In the listing below, find the line that contains "Lemma density_factor c" and the line that contains "(forall i c, g i c <= C * p c) ->". Quote both and every line between them, exactly, and nothing more.

*DATA FOR PROCESSING*:
BEGIN
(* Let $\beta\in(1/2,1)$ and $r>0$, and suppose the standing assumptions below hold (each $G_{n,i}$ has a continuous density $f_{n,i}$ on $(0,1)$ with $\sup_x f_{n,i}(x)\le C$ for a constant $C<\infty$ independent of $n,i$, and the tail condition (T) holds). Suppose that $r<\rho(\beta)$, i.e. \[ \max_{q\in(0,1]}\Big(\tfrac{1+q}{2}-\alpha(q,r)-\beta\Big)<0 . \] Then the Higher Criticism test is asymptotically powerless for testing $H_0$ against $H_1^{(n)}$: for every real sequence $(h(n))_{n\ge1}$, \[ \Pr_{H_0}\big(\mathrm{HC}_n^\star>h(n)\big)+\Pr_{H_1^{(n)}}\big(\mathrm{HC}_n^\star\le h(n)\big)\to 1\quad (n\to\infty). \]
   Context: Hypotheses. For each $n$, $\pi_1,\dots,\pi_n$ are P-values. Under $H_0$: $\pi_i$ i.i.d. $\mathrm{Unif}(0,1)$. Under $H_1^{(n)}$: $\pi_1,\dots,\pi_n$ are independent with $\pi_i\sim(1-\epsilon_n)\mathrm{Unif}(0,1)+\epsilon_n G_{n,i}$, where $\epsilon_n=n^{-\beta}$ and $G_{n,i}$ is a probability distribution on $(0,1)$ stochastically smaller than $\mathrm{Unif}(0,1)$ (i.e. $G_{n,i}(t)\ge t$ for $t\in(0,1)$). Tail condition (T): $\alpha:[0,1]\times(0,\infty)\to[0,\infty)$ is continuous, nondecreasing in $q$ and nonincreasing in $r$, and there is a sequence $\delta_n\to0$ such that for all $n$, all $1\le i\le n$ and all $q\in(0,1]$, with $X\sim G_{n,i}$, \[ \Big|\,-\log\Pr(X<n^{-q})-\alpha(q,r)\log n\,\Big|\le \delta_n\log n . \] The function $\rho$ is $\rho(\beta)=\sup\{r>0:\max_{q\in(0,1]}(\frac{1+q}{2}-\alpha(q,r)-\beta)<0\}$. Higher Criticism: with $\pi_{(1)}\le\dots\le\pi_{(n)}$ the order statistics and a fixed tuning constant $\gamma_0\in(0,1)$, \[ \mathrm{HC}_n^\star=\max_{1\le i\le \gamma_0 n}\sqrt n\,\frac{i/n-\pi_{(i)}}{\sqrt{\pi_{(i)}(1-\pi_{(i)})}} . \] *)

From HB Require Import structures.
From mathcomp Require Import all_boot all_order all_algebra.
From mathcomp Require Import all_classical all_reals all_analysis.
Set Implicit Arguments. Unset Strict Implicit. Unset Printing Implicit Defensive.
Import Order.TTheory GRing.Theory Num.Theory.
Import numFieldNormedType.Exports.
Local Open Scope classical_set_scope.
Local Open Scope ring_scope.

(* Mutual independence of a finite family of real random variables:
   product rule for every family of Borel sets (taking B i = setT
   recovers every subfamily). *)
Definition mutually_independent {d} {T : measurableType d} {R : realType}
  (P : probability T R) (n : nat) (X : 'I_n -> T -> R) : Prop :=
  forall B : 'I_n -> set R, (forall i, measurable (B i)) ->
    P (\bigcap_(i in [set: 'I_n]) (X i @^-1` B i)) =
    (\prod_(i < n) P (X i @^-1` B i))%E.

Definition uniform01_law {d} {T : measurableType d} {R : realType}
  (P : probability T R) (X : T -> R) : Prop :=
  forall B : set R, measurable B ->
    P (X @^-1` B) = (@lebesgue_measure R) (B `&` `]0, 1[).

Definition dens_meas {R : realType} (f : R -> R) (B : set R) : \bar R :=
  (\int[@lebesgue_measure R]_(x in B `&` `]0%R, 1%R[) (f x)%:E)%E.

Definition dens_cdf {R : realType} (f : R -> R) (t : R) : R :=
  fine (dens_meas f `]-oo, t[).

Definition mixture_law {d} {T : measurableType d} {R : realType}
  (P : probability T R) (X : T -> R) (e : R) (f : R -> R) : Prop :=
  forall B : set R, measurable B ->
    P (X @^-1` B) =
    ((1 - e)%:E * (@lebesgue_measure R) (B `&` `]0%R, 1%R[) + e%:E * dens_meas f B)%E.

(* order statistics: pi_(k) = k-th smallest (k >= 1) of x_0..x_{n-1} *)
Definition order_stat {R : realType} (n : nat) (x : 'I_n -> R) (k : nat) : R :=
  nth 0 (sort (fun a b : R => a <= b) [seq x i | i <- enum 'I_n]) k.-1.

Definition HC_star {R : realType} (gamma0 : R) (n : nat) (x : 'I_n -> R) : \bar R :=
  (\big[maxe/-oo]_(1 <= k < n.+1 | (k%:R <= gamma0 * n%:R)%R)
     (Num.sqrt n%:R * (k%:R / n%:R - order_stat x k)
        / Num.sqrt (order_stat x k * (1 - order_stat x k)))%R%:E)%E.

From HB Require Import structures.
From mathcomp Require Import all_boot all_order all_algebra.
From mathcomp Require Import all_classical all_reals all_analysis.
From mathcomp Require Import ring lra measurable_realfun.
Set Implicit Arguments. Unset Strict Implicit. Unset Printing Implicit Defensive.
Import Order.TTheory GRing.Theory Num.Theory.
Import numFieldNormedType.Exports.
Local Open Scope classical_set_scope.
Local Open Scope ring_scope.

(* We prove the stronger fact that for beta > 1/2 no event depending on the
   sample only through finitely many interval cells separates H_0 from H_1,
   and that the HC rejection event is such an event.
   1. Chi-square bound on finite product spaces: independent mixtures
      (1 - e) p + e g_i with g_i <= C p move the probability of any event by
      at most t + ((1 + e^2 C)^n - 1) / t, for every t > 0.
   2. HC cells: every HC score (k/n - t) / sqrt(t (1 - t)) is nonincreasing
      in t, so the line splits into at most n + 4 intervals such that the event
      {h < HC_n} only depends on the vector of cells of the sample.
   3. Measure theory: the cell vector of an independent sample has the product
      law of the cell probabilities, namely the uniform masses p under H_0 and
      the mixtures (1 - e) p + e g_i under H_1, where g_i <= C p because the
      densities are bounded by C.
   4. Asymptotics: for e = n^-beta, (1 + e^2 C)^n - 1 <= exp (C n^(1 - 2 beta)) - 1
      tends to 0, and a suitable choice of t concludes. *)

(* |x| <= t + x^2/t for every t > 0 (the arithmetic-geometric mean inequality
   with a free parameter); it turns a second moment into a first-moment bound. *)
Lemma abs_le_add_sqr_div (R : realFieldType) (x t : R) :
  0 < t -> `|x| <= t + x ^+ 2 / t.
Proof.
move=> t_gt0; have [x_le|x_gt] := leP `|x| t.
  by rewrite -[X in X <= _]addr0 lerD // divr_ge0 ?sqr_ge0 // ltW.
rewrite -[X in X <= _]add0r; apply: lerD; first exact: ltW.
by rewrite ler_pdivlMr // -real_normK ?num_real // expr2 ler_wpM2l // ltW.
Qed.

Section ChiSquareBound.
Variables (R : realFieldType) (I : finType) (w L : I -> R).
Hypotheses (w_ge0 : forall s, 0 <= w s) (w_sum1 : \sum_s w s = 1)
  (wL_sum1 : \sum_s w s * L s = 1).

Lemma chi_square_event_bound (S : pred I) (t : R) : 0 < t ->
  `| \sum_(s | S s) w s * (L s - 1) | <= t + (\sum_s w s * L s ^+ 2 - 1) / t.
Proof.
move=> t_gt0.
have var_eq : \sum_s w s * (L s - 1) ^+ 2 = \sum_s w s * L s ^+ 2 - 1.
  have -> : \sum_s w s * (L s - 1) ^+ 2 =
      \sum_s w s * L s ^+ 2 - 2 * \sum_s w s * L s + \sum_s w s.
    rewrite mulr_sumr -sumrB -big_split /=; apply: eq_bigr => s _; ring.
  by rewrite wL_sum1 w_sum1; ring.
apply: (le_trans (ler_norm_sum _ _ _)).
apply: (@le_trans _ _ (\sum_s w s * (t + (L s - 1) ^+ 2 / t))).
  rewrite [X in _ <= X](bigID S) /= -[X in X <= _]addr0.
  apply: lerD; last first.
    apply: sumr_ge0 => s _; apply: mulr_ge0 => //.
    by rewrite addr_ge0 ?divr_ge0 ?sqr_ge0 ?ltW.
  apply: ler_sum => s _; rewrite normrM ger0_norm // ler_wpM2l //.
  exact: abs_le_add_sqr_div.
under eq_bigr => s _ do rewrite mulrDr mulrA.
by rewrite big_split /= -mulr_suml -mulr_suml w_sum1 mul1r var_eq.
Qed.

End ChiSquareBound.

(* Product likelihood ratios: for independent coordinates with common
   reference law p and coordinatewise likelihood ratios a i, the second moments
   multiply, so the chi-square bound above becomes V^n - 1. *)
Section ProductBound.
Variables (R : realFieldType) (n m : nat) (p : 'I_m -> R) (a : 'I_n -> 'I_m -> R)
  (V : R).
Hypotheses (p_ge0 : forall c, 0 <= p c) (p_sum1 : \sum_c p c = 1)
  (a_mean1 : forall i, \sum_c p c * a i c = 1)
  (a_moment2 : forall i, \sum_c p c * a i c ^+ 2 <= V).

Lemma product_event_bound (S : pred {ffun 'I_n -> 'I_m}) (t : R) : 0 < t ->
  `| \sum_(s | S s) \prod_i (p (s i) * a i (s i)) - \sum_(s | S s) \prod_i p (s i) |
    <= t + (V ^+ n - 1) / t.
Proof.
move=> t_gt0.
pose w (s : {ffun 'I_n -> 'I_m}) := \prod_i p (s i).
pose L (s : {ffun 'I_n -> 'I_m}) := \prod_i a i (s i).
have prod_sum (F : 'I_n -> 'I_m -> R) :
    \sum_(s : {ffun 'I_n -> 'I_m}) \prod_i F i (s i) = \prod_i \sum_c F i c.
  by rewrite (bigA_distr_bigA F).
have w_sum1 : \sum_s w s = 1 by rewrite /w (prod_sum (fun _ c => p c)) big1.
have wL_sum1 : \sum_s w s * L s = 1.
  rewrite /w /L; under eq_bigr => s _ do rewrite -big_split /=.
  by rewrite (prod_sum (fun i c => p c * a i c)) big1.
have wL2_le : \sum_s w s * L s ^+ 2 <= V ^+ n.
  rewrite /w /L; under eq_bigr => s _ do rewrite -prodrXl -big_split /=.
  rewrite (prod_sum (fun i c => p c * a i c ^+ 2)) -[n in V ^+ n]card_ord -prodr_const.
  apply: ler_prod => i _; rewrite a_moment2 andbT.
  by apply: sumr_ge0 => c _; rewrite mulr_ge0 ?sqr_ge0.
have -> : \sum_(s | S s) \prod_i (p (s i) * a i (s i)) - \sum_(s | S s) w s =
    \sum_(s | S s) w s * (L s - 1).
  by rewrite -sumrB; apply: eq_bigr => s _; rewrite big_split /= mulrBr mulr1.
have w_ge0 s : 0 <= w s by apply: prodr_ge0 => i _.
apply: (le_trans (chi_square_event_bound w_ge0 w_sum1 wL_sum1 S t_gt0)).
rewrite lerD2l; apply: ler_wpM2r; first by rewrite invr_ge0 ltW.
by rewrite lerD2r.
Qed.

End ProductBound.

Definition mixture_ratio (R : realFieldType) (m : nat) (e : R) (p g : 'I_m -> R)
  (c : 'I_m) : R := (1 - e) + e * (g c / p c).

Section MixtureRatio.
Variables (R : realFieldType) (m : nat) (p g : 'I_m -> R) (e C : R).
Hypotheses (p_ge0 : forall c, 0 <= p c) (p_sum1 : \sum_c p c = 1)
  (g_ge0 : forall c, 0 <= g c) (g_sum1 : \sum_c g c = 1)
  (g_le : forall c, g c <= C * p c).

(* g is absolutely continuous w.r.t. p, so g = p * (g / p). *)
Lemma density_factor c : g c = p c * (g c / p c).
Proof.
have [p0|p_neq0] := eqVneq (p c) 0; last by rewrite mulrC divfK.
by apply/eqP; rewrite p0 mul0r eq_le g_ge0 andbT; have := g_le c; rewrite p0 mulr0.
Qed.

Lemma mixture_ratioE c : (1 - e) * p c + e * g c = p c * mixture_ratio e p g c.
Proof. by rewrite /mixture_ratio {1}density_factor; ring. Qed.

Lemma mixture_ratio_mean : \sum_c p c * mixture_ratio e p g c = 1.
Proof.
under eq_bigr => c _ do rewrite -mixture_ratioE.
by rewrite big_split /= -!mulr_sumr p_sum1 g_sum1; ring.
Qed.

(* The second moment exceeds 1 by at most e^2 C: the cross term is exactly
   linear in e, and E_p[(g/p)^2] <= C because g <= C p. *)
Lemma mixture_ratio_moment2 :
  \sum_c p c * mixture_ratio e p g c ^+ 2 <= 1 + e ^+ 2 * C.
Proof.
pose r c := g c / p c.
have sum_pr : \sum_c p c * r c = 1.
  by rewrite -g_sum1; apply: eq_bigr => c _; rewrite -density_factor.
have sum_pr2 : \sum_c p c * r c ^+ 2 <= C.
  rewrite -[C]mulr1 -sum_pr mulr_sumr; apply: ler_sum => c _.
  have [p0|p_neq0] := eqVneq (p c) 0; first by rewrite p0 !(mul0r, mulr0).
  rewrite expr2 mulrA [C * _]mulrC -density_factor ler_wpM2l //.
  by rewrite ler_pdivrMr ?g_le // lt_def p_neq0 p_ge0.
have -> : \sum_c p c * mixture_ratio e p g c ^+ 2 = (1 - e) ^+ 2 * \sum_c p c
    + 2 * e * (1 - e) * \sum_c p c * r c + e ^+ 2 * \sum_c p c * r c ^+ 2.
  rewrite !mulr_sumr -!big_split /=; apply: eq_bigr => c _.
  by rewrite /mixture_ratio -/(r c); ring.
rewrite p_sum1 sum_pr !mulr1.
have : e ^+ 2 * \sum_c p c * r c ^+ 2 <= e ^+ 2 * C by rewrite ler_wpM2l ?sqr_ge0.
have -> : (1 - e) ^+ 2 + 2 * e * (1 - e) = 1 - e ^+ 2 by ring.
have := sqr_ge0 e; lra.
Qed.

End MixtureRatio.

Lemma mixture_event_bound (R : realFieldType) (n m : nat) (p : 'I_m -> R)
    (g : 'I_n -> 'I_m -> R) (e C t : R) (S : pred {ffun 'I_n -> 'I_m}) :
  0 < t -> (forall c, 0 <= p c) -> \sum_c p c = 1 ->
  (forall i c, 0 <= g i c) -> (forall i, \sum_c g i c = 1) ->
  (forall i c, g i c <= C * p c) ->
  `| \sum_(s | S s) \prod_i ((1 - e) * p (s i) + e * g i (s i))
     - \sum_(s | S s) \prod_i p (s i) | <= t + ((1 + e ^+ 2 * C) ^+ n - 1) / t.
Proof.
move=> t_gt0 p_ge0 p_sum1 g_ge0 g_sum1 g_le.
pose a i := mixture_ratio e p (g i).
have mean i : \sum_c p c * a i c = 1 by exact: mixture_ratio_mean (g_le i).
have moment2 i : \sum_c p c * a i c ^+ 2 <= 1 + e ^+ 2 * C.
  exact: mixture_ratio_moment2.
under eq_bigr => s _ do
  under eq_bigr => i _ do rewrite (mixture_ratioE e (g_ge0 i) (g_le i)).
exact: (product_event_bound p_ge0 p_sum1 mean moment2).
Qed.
END
*REPLY TO THE TASK*:
Lemma density_factor c : g c = p c * (g c / p c).
Proof.
have [p0|p_neq0] := eqVneq (p c) 0; last by rewrite mulrC divfK.
by apply/eqP; rewrite p0 mul0r eq_le g_ge0 andbT; have := g_le c; rewrite p0 mulr0.
Qed.

Lemma mixture_ratioE c : (1 - e) * p c + e * g c = p c * mixture_ratio e p g c.
Proof. by rewrite /mixture_ratio {1}density_factor; ring. Qed.

Lemma mixture_ratio_mean : \sum_c p c * mixture_ratio e p g c = 1.
Proof.
under eq_bigr => c _ do rewrite -mixture_ratioE.
by rewrite big_split /= -!mulr_sumr p_sum1 g_sum1; ring.
Qed.

(* The second moment exceeds 1 by at most e^2 C: the cross term is exactly
   linear in e, and E_p[(g/p)^2] <= C because g <= C p. *)
Lemma mixture_ratio_moment2 :
  \sum_c p c * mixture_ratio e p g c ^+ 2 <= 1 + e ^+ 2 * C.
Proof.
pose r c := g c / p c.
have sum_pr : \sum_c p c * r c = 1.
  by rewrite -g_sum1; apply: eq_bigr => c _; rewrite -density_factor.
have sum_pr2 : \sum_c p c * r c ^+ 2 <= C.
  rewrite -[C]mulr1 -sum_pr mulr_sumr; apply: ler_sum => c _.
  have [p0|p_neq0] := eqVneq (p c) 0; first by rewrite p0 !(mul0r, mulr0).
  rewrite expr2 mulrA [C * _]mulrC -density_factor ler_wpM2l //.
  by rewrite ler_pdivrMr ?g_le // lt_def p_neq0 p_ge0.
have -> : \sum_c p c * mixture_ratio e p g c ^+ 2 = (1 - e) ^+ 2 * \sum_c p c
    + 2 * e * (1 - e) * \sum_c p c * r c + e ^+ 2 * \sum_c p c * r c ^+ 2.
  rewrite !mulr_sumr -!big_split /=; apply: eq_bigr => c _.
  by rewrite /mixture_ratio -/(r c); ring.
rewrite p_sum1 sum_pr !mulr1.
have : e ^+ 2 * \sum_c p c * r c ^+ 2 <= e ^+ 2 * C by rewrite ler_wpM2l ?sqr_ge0.
have -> : (1 - e) ^+ 2 + 2 * e * (1 - e) = 1 - e ^+ 2 by ring.
have := sqr_ge0 e; lra.
Qed.

End MixtureRatio.

Lemma mixture_event_bound (R : realFieldType) (n m : nat) (p : 'I_m -> R)
    (g : 'I_n -> 'I_m -> R) (e C t : R) (S : pred {ffun 'I_n -> 'I_m}) :
  0 < t -> (forall c, 0 <= p c) -> \sum_c p c = 1 ->
  (forall i c, 0 <= g i c) -> (forall i, \sum_c g i c = 1) ->
  (forall i c, g i c <= C * p c) ->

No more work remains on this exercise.